杜揚嵐:“這就是民女的模樣,讓皇上失望了。”
皇帝的目光落在她身上,最后揉了揉眉心:“朕明白為什么不像了……”
“去換回你原來的衣服吧。”皇上又道。
杜揚嵐:“……”
她深吸了一口氣:“皇上,民女可以去換會自己的衣服,但是,還請您告知為什么。”
皇帝道:“這是命令。”
杜揚嵐:“……”
她能做什么呢,只能回去乖乖再次換了衣服。
再次出來的時候,她又穿上了自己的女裝,這時候,杜揚嵐發現店里面多了一宮女,這個宮女就在皇上的身后站著,手里端著一個盒子。
“給她上妝。”皇上沖那宮女說道。
“是。”
說著,宮女吧走到了杜揚嵐的面前。
杜揚嵐往后退了一步:“皇上,您究竟要做什么?”
皇帝道:“這是命令。”
眼看那個宮女吧越來越越近,杜揚嵐往后又退了一步:“那恕民女這次不能從命!”
不能讓這個宮女碰到自己的臉。
“皇上,您要是想殺了民女,還請您給民女一個痛快。”
“朕何時要殺你了?”
“民女惶恐。”杜揚嵐道,“還請皇上明示,好讓民女心里有個準備。”
“朕不要你做什么,你只要乖乖聽話就好。”皇帝又道,“她會給你上妝,你不要動。”
杜揚嵐看了那宮女一眼,往后退了退:“皇上,民女可以上妝,但是,請您再次之前告訴民女一件事,我父親他到底怎么了?”

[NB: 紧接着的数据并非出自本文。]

(* One greedy step closes at least a 1/k fraction of the remaining gap to any
   set of size k, since one of its at most k missing elements gains that much. *)
Lemma greedy_step (S : {set V}) (t : nat) : #|S| = k -> (t < k)%N ->
  f S - f (greedy_set u t.+1) <= (1 - k%:R^-1) * (f S - f (greedy_set u t)).
Proof.
move=> Sk tk; set A := greedy_set u t.
set D := f (u t |: A) - f A.
have k_gt0 : (0 : R) < k%:R by rewrite ltr0n (leq_ltn_trans (leq0n t) tk).
have D_ge0 : 0 <= D by rewrite subr_ge0 f_mono ?finset.subsetUr.
have gap_le : f S <= f A + k%:R * D.
  apply: le_trans (f_sub A S) _; rewrite lerD2l.
  apply: le_trans (_ : \sum_(v in S :\: A) D <= _).
    by apply: ler_sum => v; rewrite inE => /andP[vA _]; apply: greedy_choice.
  rewrite sumr_const -[D *+ _]mulr_natl ler_wpM2r // ler_nat -Sk.
  exact/subset_leq_card/finset.subsetDl.
have frac_le : (f S - f A) / k%:R <= D by rewrite ler_pdivrMr // mulrC lerBlDl.
rewrite greedy_setS -/A (_ : f (u t |: A) = f A + D); last by rewrite addrC subrK.
rewrite mulrBl mul1r mulrC; lra.
Qed.

Lemma greedy_approx (S : {set V}) : (1 <= k)%N -> #|S| = k ->
  (1 - expR (-1)) * f S <= f (greedy_set u k).
Proof.
move=> k_ge1 Sk; set c : R := 1 - k%:R^-1.
have c_ge0 : 0 <= c by rewrite subr_ge0 invf_le1 ?ltr0n // ler1n.
have fS_ge0 : 0 <= f S by rewrite -f_set0 f_mono ?finset.sub0set.
have gap_le : forall t, (t <= k)%N -> f S - f (greedy_set u t) <= c ^+ t * f S.
  elim=> [|t IH] tk; first by rewrite greedy_set0 f_set0 subr0 expr0 mul1r.
  apply: le_trans (greedy_step Sk tk) _.
  by rewrite exprS -mulrA ler_wpM2l // IH // ltnW.
have ck_le : c ^+ k * f S <= expR (-1) * f S.
  by rewrite ler_wpM2r // one_sub_inv_expn_le.
have := gap_le k (leqnn k); rewrite mulrBl mul1r; lra.
Qed.

End Greedy.

Section RandomSet.
Variables (d : measure_display) (Omega : measurableType d) (R : realType).
Variables (P : probability Omega R) (V : finType) (a : V -> Omega -> bool).
Hypothesis a_measurable : forall i, measurable_fun setT (a i).

Definition rset (w : Omega) : {set V} := [set i | a i w].

Definition rset_law (B : {set V}) : R :=
  fine 'E_P[fun w => (rset w == B)%:R].

(* The indicator of {rset = B} is a finite product of indicators of the
   measurable events {a i} or their complements, hence measurable. *)
Lemma rset_indicator_measurable (B : {set V}) :
  measurable_fun setT (fun w => (rset w == B)%:R : R).
Proof.
have -> : (fun w => (rset w == B)%:R : R) = fun w => \prod_(i : V)
    (if i \in B then (if a i w then 1 else 0) else (if a i w then 0 else 1)).
  apply/funext => w; case: eqP => [<- | neqB].
    by rewrite big1 // => i _; rewrite inE; case: (a i w).
  have [i ai_neq | ai_eq] := pickP (fun i => a i w != (i \in B)).
    rewrite (bigD1 i) //=; move: ai_neq.
    by case: (a i w); case: (i \in B) => //= _; rewrite mul0r.
  exfalso; apply: neqB; apply/finset.setP => i.
  by rewrite inE; apply/eqP/negbFE/ai_eq.
apply: measurable_prod => i _.
by case: (i \in B); apply: measurable_fun_ifT => //; exact: measurable_cst.
Qed.

Lemma rset_indicator_Lfun (B : {set V}) :
  (fun w => (rset w == B)%:R : R) \in Lfun P 1.
Proof.
apply/Lfun1_integrable.
apply: (@le_integrable _ _ _ P _ measurableT _ (EFin \o cst (1 : R))).
- exact/measurable_EFinP/rset_indicator_measurable.
- by move=> w _ /=; rewrite lee_fin; case: (_ == _); rewrite ?normr1 ?normr0.
- exact: finite_measure_integrable_cst.
Qed.

Lemma rset_law_ge0 (B : {set V}) : 0 <= rset_law B.
Proof. by apply/fine_ge0/expectation_ge0 => w; case: (_ == _). Qed.

Lemma expectation_rset (h : {set V} -> R) :
  ('E_P[fun w => h (rset w)] = (\sum_(B : {set V}) h B * rset_law B)%:E)%E.
Proof.
have -> : (fun w => h (rset w)) =
    \sum_(B <- index_enum {set V}) (h B \o* fun w => (rset w == B)%:R).
  apply/funext => w; rewrite fct_sumE (bigD1 (rset w)) //= eqxx mul1r.
  by rewrite big1 ?addr0 // => B /negbTE neqB; rewrite /= eq_sym neqB mul0r.
rewrite -(big_map (fun B => h B \o* fun w => (rset w == B)%:R) xpredT idfun).
rewrite expectation_sum; last first.
  by move=> Y /mapP[B _ ->]; apply/Lfun_scale/rset_indicator_Lfun.
rewrite big_map -sumEFin; apply: eq_bigr => B _.
rewrite expectationZl ?rset_indicator_Lfun // EFinM fineK //.
exact/expectation_fin_num/rset_indicator_Lfun.
Qed.

End RandomSet.

Lemma reward_rho (R : realType) (d : measure_display) (Omega : measurableType d)
  (P : probability Omega R) (V : finType) (s : V) (parent : V -> V)
  (X : V -> {RV P >-> R}) (tau : {RV P >-> R}) (S : {set V}) :
  let a i w := tau w < Z s parent (fun v => X v) i w in
  reward P s parent (fun v => X v) tau S =
  (rho (desc s parent) (rset_law P a) S)%:E.
Proof.
move=> a; have a_meas : forall i, measurable_fun setT (a i).
  move=> i; apply: measurable_fun_ltr => //.
  rewrite /Z; under eq_fun do rewrite big_mkcond /=.
  by apply: measurable_sum => j; case: (j \in _) => //; exact: measurable_cst.
rewrite /reward -expectation_rset //; congr ('E_P[_])%E; apply/funext => w.
congr (_%:R); rewrite /saved /cov /covered; apply: eq_card => j.
apply: (congr1 (fun Y : {set V} => j \in Y)).
by apply: eq_bigl => i /=; rewrite inE.
Qed.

“杜冕……”皇上揉了揉眉心,說道,“今日發生在宮里的事情,說來話長……”
杜揚嵐噗通跪下,一字一頓,擲地有聲:“民女洗耳恭聽!”
皇上道:“你先上妝,等你上了妝,朕親自說給你聽。”
杜揚嵐看了一眼那宮女:“姐姐,我自己來吧。”
說著,就伸手去借那宮女捧著的盒子,宮女往后退了退,沒遞給杜揚嵐的盒子,而是下意識看了看皇上,詢問。
皇帝擺擺手:“罷了,給她。”
“是。”宮女將盒子遞給了杜揚嵐。
皇帝說道:“你自己上妝的話,一定要畫成,你一次來書房見朕的時候的樣子。”
“是。”杜揚嵐深吸一口氣,回憶著自己那天上的什么妝容。
杜揚嵐抱著化妝盒再次回到內室,在世出現的皇帝面前的時候,妝容就是皇帝口說的。
這次,皇上看她的眼睛有些不一樣了,杜揚嵐能明顯感覺到,眼前的九五之尊,在通過自己得臉看向另外一個人。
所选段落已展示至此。